Informatica, like most of its symmetrical competitors, offers data masking technology as part of its traditional DI stack. At their best, masking technologies can identify, redact, or abstract (using hashing algorithms or other technologies) potentially sensitive information, either in situ (when data is extracted into a repository for dev-testing) or in-flight (when data is accessed in real time). Loubser says Informatica's new offering brings some of these capabilities to big data platforms. "[It supports] fixing or masking as you need [it], whether it be persistently masking it in your database in the storage environment or whether it's dynamically masking when data moves all over the place."
Informatica's profiling technology can also be used to generate dynamic mappings, he claims.
"[This is] the notion that when you're building a mapping in real time based on profiling data, based on patterns, we can detect from the metadata that we [had] previously collected -- we can dynamically do things and shape your mappings for you.

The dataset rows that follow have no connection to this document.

Lemma prim_sq_term_bound x : Rabs (prim_sq_term x - prim_sq_term 0) <= 204.
Proof.
  pose proof (prim_sq_term_upper_bound x). pose proof (prim_sq_term_upper_bound 0).
  apply Rabs_le_between in H, H0.
  apply Rabs_le. destruct (Rle_dec 0 x) as [Hx|Hx].
  - pose proof (prim_sq_term_nondecreasing 0 x Hx).
    pose proof (prim_sq_term_gap_nondecreasing 0 x Hx). lra.
  - pose proof (prim_sq_term_nondecreasing x 0 ltac:(lra)).
    pose proof (prim_sq_term_gap_nondecreasing x 0 ltac:(lra)). lra.
Qed.

Lemma is_lim_prim_sq_term : exists lm lp : R,
  is_lim prim_sq_term m_infty lm /\ is_lim prim_sq_term p_infty lp /\
  lp - lm <= 1563/800 * PI.
Proof.
  assert (Hb : forall x, prim_sq_term 0 - 204 <= prim_sq_term x <= prim_sq_term 0 + 204)
    by (intros x; apply Rabs_le_between', prim_sq_term_bound).
  destruct (nondecreasing_is_lim_m prim_sq_term (prim_sq_term 0 - 204)) as [lm Hm];
    [apply prim_sq_term_nondecreasing|apply Hb|].
  destruct (nondecreasing_is_lim_p prim_sq_term (prim_sq_term 0 + 204)) as [lp Hp];
    [apply prim_sq_term_nondecreasing|apply Hb|].
  exists lm, lp. do 2 (split; [assumption|]).
  destruct is_lim_prim_sq_term_upper as [Kp Km].
  pose proof (nondecreasing_is_lim_le _ _ _ prim_sq_term_gap_nondecreasing
    (is_lim_minus' _ _ _ _ _ Km Hm) (is_lim_minus' _ _ _ _ _ Kp Hp)).
  lra.
Qed.

Lemma is_lim_prim_integrand : exists lm lp : R,
  is_lim prim_integrand m_infty lm /\ is_lim prim_integrand p_infty lp /\
  lp - lm <= (1563/800 - 2) * PI.
Proof.
  destruct is_lim_prim_sq_term as [lm [lp [Hm [Hp Hle]]]].
  destruct is_lim_bdry as [Bp Bm].
  destruct is_lim_prim_quartic_term as [Ep Em].
  assert (Hsum : forall y, prim_sq_term y + bdry y + prim_quartic_term y = prim_integrand y)
    by (intros y; unfold prim_sq_term; ring).
  exists (lm + 0 + PI), (lp + 0 + - PI). repeat split.
  - apply (is_lim_ext _ _ _ _ Hsum). now apply is_lim_plus'; [apply is_lim_plus'|].
  - apply (is_lim_ext _ _ _ _ Hsum). now apply is_lim_plus'; [apply is_lim_plus'|].
  - lra.
Qed.

Theorem lemma2p2 :
  exists v : R,
    is_RInt_gen (fun x => Derive_n f1 4 x * (f1 x) ^ 3)
      (Rbar_locally m_infty) (Rbar_locally p_infty) v
    /\ v < 0.
Proof.
  destruct is_lim_prim_integrand as [lm [lp [Hm [Hp Hle]]]].
  exists (lp - lm). split; [|pose proof PI_RGT_0; lra].
  assert (HD : forall x, Derive prim_integrand x = integrand x)
    by (intros x; apply is_derive_unique, is_derive_prim_integrand).
  apply (is_RInt_gen_ext (Derive prim_integrand)).
  - apply filter_forall. intros ab x _. now rewrite HD, Derive_n_f1_4.
  - apply is_RInt_gen_Derive; [| |exact Hm|exact Hp]; apply filter_forall; intros ab x _.
    + exists (integrand x). apply is_derive_prim_integrand.
    + apply (continuous_ext integrand); [intros t; now rewrite HD|apply continuous_integrand].
Qed.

If there's, for example, a sensitive piece of data, I can automatically insert and recommend a masking routine for you," Loubser explains.
A Work in Progress
Three years ago, Informatica announced its PowerCenter Big Data Edition. That product was more or less what it sounds like: a version of Informatica PowerCenter that used Hadoop's MapReduce engine to do its ETL heavy lifting. At the time, the Hadoop environment was still tightly coupled to MapReduce. In late 2013, Hadoop 2.0 shipped with a new resource manager, YARN, that broke this dependence. PowerCenter Big Data Edition also included a limited license for Informatica's conventional (non-Hadoop) PowerCenter product. In this way, customers could use either a conventional SMP server kit or Hadoop MapReduce to perform their ETL processing.
Perhaps PowerCenter Big Data Edition was a stopgap, something designed to buy Informatica some time to develop a full-fledged platform such as Informatica Big Data Management. Perhaps Informatica, like many other vendors, didn't know what to make of the whole Big Data Thing, of new platforms such as Hadoop and MongoDB (just to name a few) or of new competitors -- such as Cloudera, Hortonworks, and MapR -- that seemed to be trying to usurp its place in the market.

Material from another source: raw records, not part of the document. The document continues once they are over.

Lemma is_derive_wronskian s : 0 < s -> is_derive wronskian s (wronskian' s).
Proof. intro hs. unfold wronskian', wronskian. auto_derive; [exact hs | unfold Rminus; field; lra]. Qed.

Definition order_reduction_integrand (s : R) : R := wronskian s / vfun n psi s ^ 2.
Definition order_reduction (t : R) : R := RInt order_reduction_integrand 1 t.

Lemma is_derive_order_reduction t : 0 < t -> is_derive order_reduction t (order_reduction_integrand t).
Proof.
  intro ht. apply is_derive_RInt_pos; [|lra|exact ht].
  intros s hs. apply (@ex_derive_continuous R_AbsRing R_NormedModule).
  unfold order_reduction_integrand. auto_derive. repeat split.
  - eexists; now apply is_derive_wronskian.
  - eexists; apply is_derive_vfun.
  - pose proof (vfun_pos s). apply Rmult_integral_contrapositive_currified; nra.
Qed.

Definition vfun2 (t : R) : R := vfun n psi t * order_reduction t.
Definition vfun2' (t : R) : R := vfun' t * order_reduction t + wronskian t / vfun n psi t.
Definition vfun2'' (t : R) : R := vfun'' t * order_reduction t + wronskian' t / vfun n psi t.

Lemma is_derive_vfun2 t : 0 < t -> is_derive vfun2 t (vfun2' t).
Proof.
  intro ht. pose proof (vfun_pos t).
  assert (hd : is_derive vfun2 t (plus (mult (vfun' t) (order_reduction t))
                                       (mult (vfun n psi t) (order_reduction_integrand t)))).
  { apply (is_derive_mult (vfun n psi) order_reduction);
      [apply is_derive_vfun | now apply is_derive_order_reduction |].
    intros; apply Rmult_comm. }
  unfold vfun2'. unfold plus, mult, order_reduction_integrand in hd; simpl in hd.
  replace (wronskian t / vfun n psi t) with (vfun n psi t * (wronskian t / vfun n psi t ^ 2)) by (field; lra).
  exact hd.
Qed.

Lemma is_derive_vfun2' t : 0 < t -> is_derive vfun2' t (vfun2'' t).
Proof.
  intro ht. pose proof (vfun_pos t).
  assert (hd : is_derive vfun2' t (plus (plus (mult (vfun'' t) (order_reduction t))
                                              (mult (vfun' t) (order_reduction_integrand t)))
      ((wronskian' t * vfun n psi t - wronskian t * vfun' t) / vfun n psi t ^ 2))).
  { apply (@is_derive_plus R_AbsRing R_NormedModule (fun t => vfun' t * order_reduction t)
      (fun t => wronskian t / vfun n psi t)).
    - apply (is_derive_mult vfun' order_reduction);
        [apply is_derive_vfun' | now apply is_derive_order_reduction |].
      intros; apply Rmult_comm.
    - apply is_derive_div; [now apply is_derive_wronskian | apply is_derive_vfun | lra]. }
  unfold plus, mult, order_reduction_integrand in hd; simpl in hd.
  unfold vfun2''. replace (vfun'' t * order_reduction t + wronskian' t / vfun n psi t) with
    (vfun'' t * order_reduction t + vfun' t * (wronskian t / vfun n psi t ^ 2) +
     (wronskian' t * vfun n psi t - wronskian t * vfun' t) / vfun n psi t ^ 2) by (field; lra).
  exact hd.
Qed.

Lemma vfun2_ode t : 0 < t -> vfun2'' t + ((2 * INR n - 1) / t + 4 * psi) * vfun2' t
                            + 2 * (2 * INR n - 1) * psi / t * vfun2 t = 0.
Proof.
  intro ht. pose proof (vfun_ode t ht) as h. pose proof (vfun_pos t).
  unfold vfun2'', vfun2', vfun2, wronskian'.
  replace (vfun'' t * order_reduction t + (- 4 * psi * wronskian t - (2 * INR n - 1) * wronskian t / t) / vfun n psi t
      + ((2 * INR n - 1) / t + 4 * psi) * (vfun' t * order_reduction t + wronskian t / vfun n psi t)
      + 2 * (2 * INR n - 1) * psi / t * (vfun n psi t * order_reduction t))
    with (order_reduction t * (vfun'' t + ((2 * INR n - 1) / t + 4 * psi) * vfun' t
      + 2 * (2 * INR n - 1) * psi / t * vfun n psi t)) by (field; lra).
  rewrite h. ring.
Qed.

Definition gsol2 (t : R) : V3 :=
  (RInt (fun s => weight k psi s * vfun2 s) 1 t, vfun2 t, t * vfun2' t).

Lemma is_solution_gsol2 : is_solution (sysA k n psi) gsol2.
Proof.
  apply is_solution_sysA_of_ode with (v'' := vfun2'').
  - intros t ht. apply (is_derive_RInt_pos (fun s => weight k psi s * vfun2 s)); [|lra|exact ht].
    intros s hs. apply (@ex_derive_continuous R_AbsRing R_NormedModule).
    apply (ex_derive_mult (fun s => weight k psi s) vfun2).
    + unfold weight. auto_derive. exact I.
    + eexists; now apply is_derive_vfun2.
  - exact is_derive_vfun2.
  - exact is_derive_vfun2'.
  - exact vfun2_ode.
Qed.

Lemma gsol2_1 : gsol2 1 = (0, 0, wronskian 1 / vfun n psi 1).
Proof.
  unfold gsol2, vfun2', vfun2, order_reduction. rewrite !RInt_point. change (zero : R) with 0.
  f_equal; [f_equal|]; ring.
Qed.


End ExplicitSolutions.

Lemma tends_to_at_infty_ge (f : R -> R) L m T0 :
  tends_to_at_infty f L -> (forall t, T0 <= t -> m <= f t) -> m <= L.
Proof.
  intros hf hm. apply Rnot_lt_le. intro hL.
  destruct (hf (m - L) ltac:(lra)) as [T hT].
  set (t := Rmax T T0 + 1). pose proof (Rmax_l T T0). pose proof (Rmax_r T T0).
  specialize (hT t ltac:(unfold t; lra)). specialize (hm t ltac:(unfold t; lra)).
  apply Rabs_def2 in hT. lra.
Qed.

Lemma tends_to_at_infty_div f g Lf Lg : tends_to_at_infty f Lf -> tends_to_at_infty g Lg -> Lg <> 0 ->
  tends_to_at_infty (fun t => f t / g t) (Lf / Lg).
Proof.
  intros hf hg hLg. apply is_lim_tends_to_at_infty.
  pose proof (is_lim_div _ _ p_infty _ _ (tends_to_at_infty_is_lim _ _ hf)
    (tends_to_at_infty_is_lim _ _ hg)) as h.
  apply h; [intro hc; injection hc; exact hLg | exact I].
Qed.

Perhaps it was a little bit of both. More likely, however, it was something else. According to Madsen, Informatica Big Data Management is reminiscent of the transition -- starting 12 to 15 years ago -- from basic ETL tools to full-fledged data integration suites. The latter incorporated metadata management, data lineage, data profiling, data quality, and master data management (MDM) capabilities. "This reminds me of the era where we went from ETL tools to data integration suites or platforms. There's almost the same message, just played out in a slightly different IT environment," says Madsen. "It makes sense. I mean, we were talking about a bunch of changes to the industry at that time in the data management sector. Now it's more of a broader IT thing.
"Back then, data management came to [the way we practiced] data integration. Now [data management is] coming to the big data platforms. Like I said, [Informatica] timed this very well."